MIAMI — Former FBI agent John Connolly was convicted Thursday of second-degree murder for leaking information to Boston mobsters that led to the 1982 shooting death of a gambling executive who also had ties to gangsters.
Jurors deliberated less than three days before delivering the verdict following a two-month trial. The jury acquitted Connolly of conspiracy, but he still faces life in prison when sentenced Dec. 4.
Prosecutors said former World Jai-Alai president John Callahan was killed after Connolly warned gangsters that Callahan might implicate them in other slayings. Boston mob kingpins James "Whitey" Bulger and Stephen "the Rifleman" Flemmi were FBI informants handled by Connolly.

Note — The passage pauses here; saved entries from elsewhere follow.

Definition L1_close (G H : nat -> R) (eps : R) : Prop :=
  ex_series (fun i => Rabs (G i - H i)) /\ Series (fun i => Rabs (G i - H i)) < eps.

Lemma L1_close_trans G H K a b : L1_close G H a -> L1_close H K b -> L1_close G K (a + b).
Proof.
  intros [HexGH HGH] [HexHK HHK].
  assert (Hle : forall i, 0 <= Rabs (G i - K i) <= Rabs (G i - H i) + Rabs (H i - K i)).
  { intros i. split; [apply Rabs_pos|].
    replace (G i - K i) with ((G i - H i) + (H i - K i)) by ring. apply Rabs_triang. }
  assert (Hex : ex_series (fun i => Rabs (G i - H i) + Rabs (H i - K i)))
    by (apply (ex_series_plus (fun i => Rabs (G i - H i))); auto).
  split; [exact (ex_series_nonneg_le _ _ Hle Hex)|].
  eapply Rle_lt_trans; [apply (Series_le _ _ Hle Hex)|]. rewrite Series_plus by auto. lra.
Qed.

Lemma bounded_prefix (f : nat -> nat) N : exists M, forall n, (n < N)%nat -> (f n < M)%nat.
Proof.
  induction N as [|N [M HM]]; [exists O; lia|].
  exists (S (M + f N)). intros n Hn. destruct (Nat.eq_dec n N) as [->|Hne]; [lia|].
  specialize (HM n ltac:(lia)). lia.
Qed.

Definition endpoint_plan (q : nat -> R) (a b : nat -> nat) N (i j : nat) : R :=
  fsum (fun n => q n * ind (a n = i /\ b n = j /\ i <> j)) N.

Section Plans.
Variable Rl : nat -> nat -> Prop.

(* [p i j] is the mass carried from [i] to [j]. *)
Definition plan (p : nat -> nat -> R) (M : nat) : Prop :=
  (forall i j, 0 <= p i j) /\ (forall i j, p i j <> 0 -> Rl i j) /\
  (forall i j, (M <= i \/ M <= j)%nat -> p i j = 0).

Lemma net_endpoint_plan (q : nat -> R) (a b : nat -> nat) N M :
  (forall n, (n < N)%nat -> (a n < M)%nat /\ (b n < M)%nat) ->
  forall i, net (endpoint_plan q a b N) M i
            = fsum (fun n => q n * (ind (a n = i) - ind (b n = i))) N.
Proof.
  intros HM i. unfold net, row, col, endpoint_plan. rewrite (fsum_swap _ M N), (fsum_swap _ M N).
  rewrite <- fsum_minus. apply fsum_ext. intros n Hn. rewrite !fsum_scal, <- Rmult_minus_distr_l.
  f_equal. destruct (HM n Hn) as [Ha Hb].
  rewrite (fsum_single _ (b n)), (fsum_single _ (a n)) by
    (auto; intros k Hk; apply ind_false; intros (? & ? & ?); congruence).
  destruct (Nat.eq_dec (a n) i), (Nat.eq_dec (b n) i);
    repeat ((rewrite ind_true by (repeat split; congruence))
            || (rewrite ind_false by (let H := fresh in intro H; decompose [and] H; congruence)));
    ring.
Qed.

Lemma endpoint_tail_bound (r : nat -> R) (a b : nat -> nat) : (forall n, 0 <= r n) -> ex_series r ->
  ex_series (fun i => Rabs (Series (fun n => r n * (ind (a n = i) - ind (b n = i))))) /\
  Series (fun i => Rabs (Series (fun n => r n * (ind (a n = i) - ind (b n = i))))) <= 2 * Series r.
Proof.
  intros Hr Hrs.
  set (F := fun n i => r n * (ind (a n = i) + ind (b n = i))).
  assert (HF0 : forall n i, 0 <= F n i).
  { intros n i. pose proof (ind_bounds (a n = i)). pose proof (ind_bounds (b n = i)).
    specialize (Hr n). unfold F. nra. }
  assert (Hone : forall k : nat, is_series (fun i => ind (k = i)) 1).
  { intros k. rewrite <- (ind_true (exists i, k = i)) by eauto.
    apply (is_series_ind_unique nat (fun i => i) (fun i => k = i));
      [apply enumeration_id|congruence]. }
  destruct (is_series_swap F (fun n => 2 * r n)) as [HFi HFs]; auto.
  { intros n. replace (2 * r n) with (r n * (1 + 1)) by ring. apply is_series_mult_l.
    exact (is_series_add _ _ _ _ (Hone (a n)) (Hone (b n))). }
  { apply (ex_series_scal_l 2 r), Hrs. }
  rewrite Series_scal_l in HFs.
  assert (Hpt : forall i, 0 <= Rabs (Series (fun n => r n * (ind (a n = i) - ind (b n = i))))
                            <= Series (fun n => F n i)).
  { intros i. split; [apply Rabs_pos|].
    assert (Hle : forall n, 0 <= Rabs (r n * (ind (a n = i) - ind (b n = i))) <= F n i).
    { intros n. split; [apply Rabs_pos|]. unfold F. rewrite Rabs_mult, Rabs_pos_eq by auto.
      apply Rmult_le_compat_l; [auto|]. pose proof (ind_bounds (a n = i)).
      pose proof (ind_bounds (b n = i)). apply Rabs_le. lra. }
    eapply Rle_trans; [apply Series_Rabs, (ex_series_nonneg_le _ _ Hle (HFi i))|].
    apply Series_le; auto. }
  split; [exact (ex_series_nonneg_le _ _ Hpt (ex_intro _ _ HFs))|].
  rewrite <- (is_series_unique _ _ HFs). apply Series_le; [exact Hpt | exact (ex_intro _ _ HFs)].
Qed.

Connolly, who showed no emotion when the verdict was read, long denied involvement in Callahan's killing. Connolly was convicted in 2002 of racketeering because of his relationship with Bulger and Flemmi, including a 1995 tip that enabled Bulger to escape arrest and begin a life on the run that continues to this day. Bulger is one of the FBI's "10 most wanted" fugitives.

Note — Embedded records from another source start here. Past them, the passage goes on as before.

(* Let $(G,v)$ be a Hamel space over an ordered field $C$ and let $P\subseteq G$ be a downward closed subset of $(G,<_0)$. Then there are an extension $(G',v')$ of $(G,v)$ and an element $h\in G'$ such that (1) $h=v'(h)$; (2) $P<_0h<_0G\setminus P$; and (3) for any embedding of Hamel spaces $i:(G,v)\to(G^*,v^* )$ and any $h^*\in G^*$ with $i(P)<_0h^*=v^*(h^* )<_0 i(G\setminus P)$, there is an extension of $i$ to an embedding $(G',v')\to(G^*,v^* )$ sending $h$ to $h^*$.
   Context: Let $C$ be an ordered field. A $2$-ordered $C$-vector space is a $C$-vector space $G$ with two total orderings $<_0,<_1$ such that $G$ is an ordered $C$-vector space with respect to each. Put $G_\infty=G\cup\{\infty\}$, with $G<_0\infty$, $G<_1\infty$. A Hamel valuation on $G$ is a map $v:G\to G_\infty$ such that for all $x,y\in G$ and $\lambda\in C^{\times}$: $v(x)=\infty$ iff $x=0$; $v(x+y)\ge_0\min_0(v(x),v(y))$; $v(\lambda x)=v(x)$; if $0<_1x<_1y$ then $v(x)\ge_0v(y)$; $v(v(x))=v(x)$ (with $v(\infty)=\infty$); and $v(x)>_10$. A Hamel space is such a pair $(G,v)$. $(G',v')$ is an extension of $(G,v)$ if $G$ is a $C$-subspace of $G'$, both orderings on $G$ are restrictions of those on $G'$, and $v'(x)=v(x)$ for $x\in G$. An embedding $i:(G,v)\to(G',v')$ is an injective $C$-linear map preserving $<_0$ and $<_1$ with $i(v(x))=v'(i(x))$ for all $x\in G$ (and $i(\infty)=\infty$). *)

From HB Require Import structures.
From mathcomp Require Import all_boot all_order all_algebra.
Set Implicit Arguments. Unset Strict Implicit. Unset Printing Implicit Defensive.
Import Order.TTheory GRing.Theory Num.Theory.
Local Open Scope ring_scope.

The story that unfolded over the past two months in a Miami courtroom spanned more than two decades of Boston's underworld, a tale was the basis for the 2006 film The Departed.

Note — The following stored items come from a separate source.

Lemma norm_V_le (i : 'I_(ntraders M)) (w : state M) (h : hist M)
    (sg : profile M) (B : beliefs M) :
  is_profile sg -> is_beliefs B -> `|V i w h sg B| <= value_bound.
Proof.
move=> sgP BP; have [B_ge0 [_ [B_sum1 _]]] := BP w h.
have cont_le w' t : `|cont i sg w' t| <= value_bound.
  apply: norm_limn_le value_bound_ge0 _ => T.
  apply: le_trans (norm_vT_le i sg w' sgP T t) _.
  by rewrite ler_piMr ?value_bound_ge0 ?exprn_ile1 ?(ltW disc_lt1).
apply: le_trans (ler_norm_sum _ _ _) _.
rewrite -[X in _ <= X]mul1r -B_sum1 mulr_suml.
apply: ler_sum => w' _; rewrite mulr_suml.
apply: le_trans (ler_norm_sum _ _ _) _.
by apply: ler_sum => t _; rewrite normrM ger0_norm // ler_wpM2l ?cont_le.
Qed.

Lemma V_dist_le_wm (k : nat) (i : 'I_(ntraders M)) (w : state M) (h : hist M)
    (sg tau : profile M) (B : beliefs M) :
  is_profile sg -> is_profile tau -> agree_upto k.-1 sg tau -> is_beliefs B ->
  `|V i w h sg B - V i w h tau B| <= wm M k.
Proof.
move=> sgP tauP agree BP; apply: ub_le_sup; last by exists i, w, h, sg, tau, B.
exists (value_bound *+ 2) => _ [i' [w' [h' [sg' [tau' [B' [sgP' tauP' _ BP' ->]]]]]]].
apply: le_trans (ler_normB _ _) _; rewrite mulr2n.
by apply: lerD; apply: norm_V_le.
Qed.

End Bounds.

Section Deviations.
Context {R : realType} {M : market R}.

Definition truncate (m : nat) (tau : profile M) : profile M :=
  fun w h a => if (size h < m)%N then tau w h a else (a == null_act w h)%:R.

Lemma is_profile_mix (i : 'I_(ntraders M)) (tau sg : profile M) :
  is_profile tau -> is_profile sg -> is_profile (mix i tau sg).
Proof.
move=> [tau_ge0 [tau_sum1 tau_info]] [sg_ge0 [sg_sum1 sg_info]].
split; first by move=> w h a; rewrite /mix; case: ifP.
split; first by move=> w h; rewrite /mix; case: ifP.
move=> w h w' h' info a; have /andP[/eqP size_eq _] := info.
by rewrite /mix /mover_is size_eq; case: ifP => _; [apply: tau_info|apply: sg_info].
Qed.

Lemma same_info_null_act (w : state M) (h : hist M) w' h' :
  (0 < ntraders M)%N -> same_info w h w' h' -> null_act w h = null_act w' h'.
Proof.
move=> n_gt0 /andP[_ /forallP views_eq].
have mover_lt : (size h %% ntraders M < ntraders M)%N by rewrite ltn_pmod.
have := views_eq (Ordinal mover_lt); rewrite /mover_is eqxx /=.
by case/eqP=> _ anns_eq _; rewrite /null_act /last_ann anns_eq.
Qed.

Lemma Gamma_truncate (m : nat) (tau : profile M) :
  (0 < ntraders M)%N -> is_profile tau -> Gamma m (truncate m tau).
Proof.
move=> n_gt0 [tau_ge0 [tau_sum1 tau_info]].
split; last by move=> w h m_le; rewrite /truncate ltnNge m_le eqxx.
split; first by move=> w h a; rewrite /truncate; case: ifP.
split.
  move=> w h; rewrite /truncate; case: (ltnP (size h) m) => _; first exact: tau_sum1.
  by rewrite (bigD1 (null_act w h)) //= eqxx big1 ?addr0 // => a /negbTE ->.
move=> w h w' h' info a; have /andP[/eqP size_eq _] := info.
rewrite /truncate -size_eq; case: ifP => _; first exact: tau_info.
by rewrite (same_info_null_act _ _ _ _ n_gt0 info).
Qed.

Connolly retired from the FBI in 1990 and was later indicted on federal racketeering and other charges stemming from his long relationship with Bulger and Flemmi, who paid the agent $235,000 over the years for protection, according to trial testimony.
In a case considered one of the FBI's worst failures, Connolly was convicted in 2002 and is serving a 10-year federal prison sentence in the corruption case. He was indicted in 2005 in the killing of Callahan, 45, whose body was found stuffed in the trunk of his Cadillac at Miami International Airport in August 1982. He had been shot at least twice.
Confessed mob hit man John Martorano testified that he shot Callahan — at one time a good friend — based on Connolly's warning that the gangsters would probably all go to prison if Callahan talked to the FBI about an Oklahoma businessman's killing a year earlier.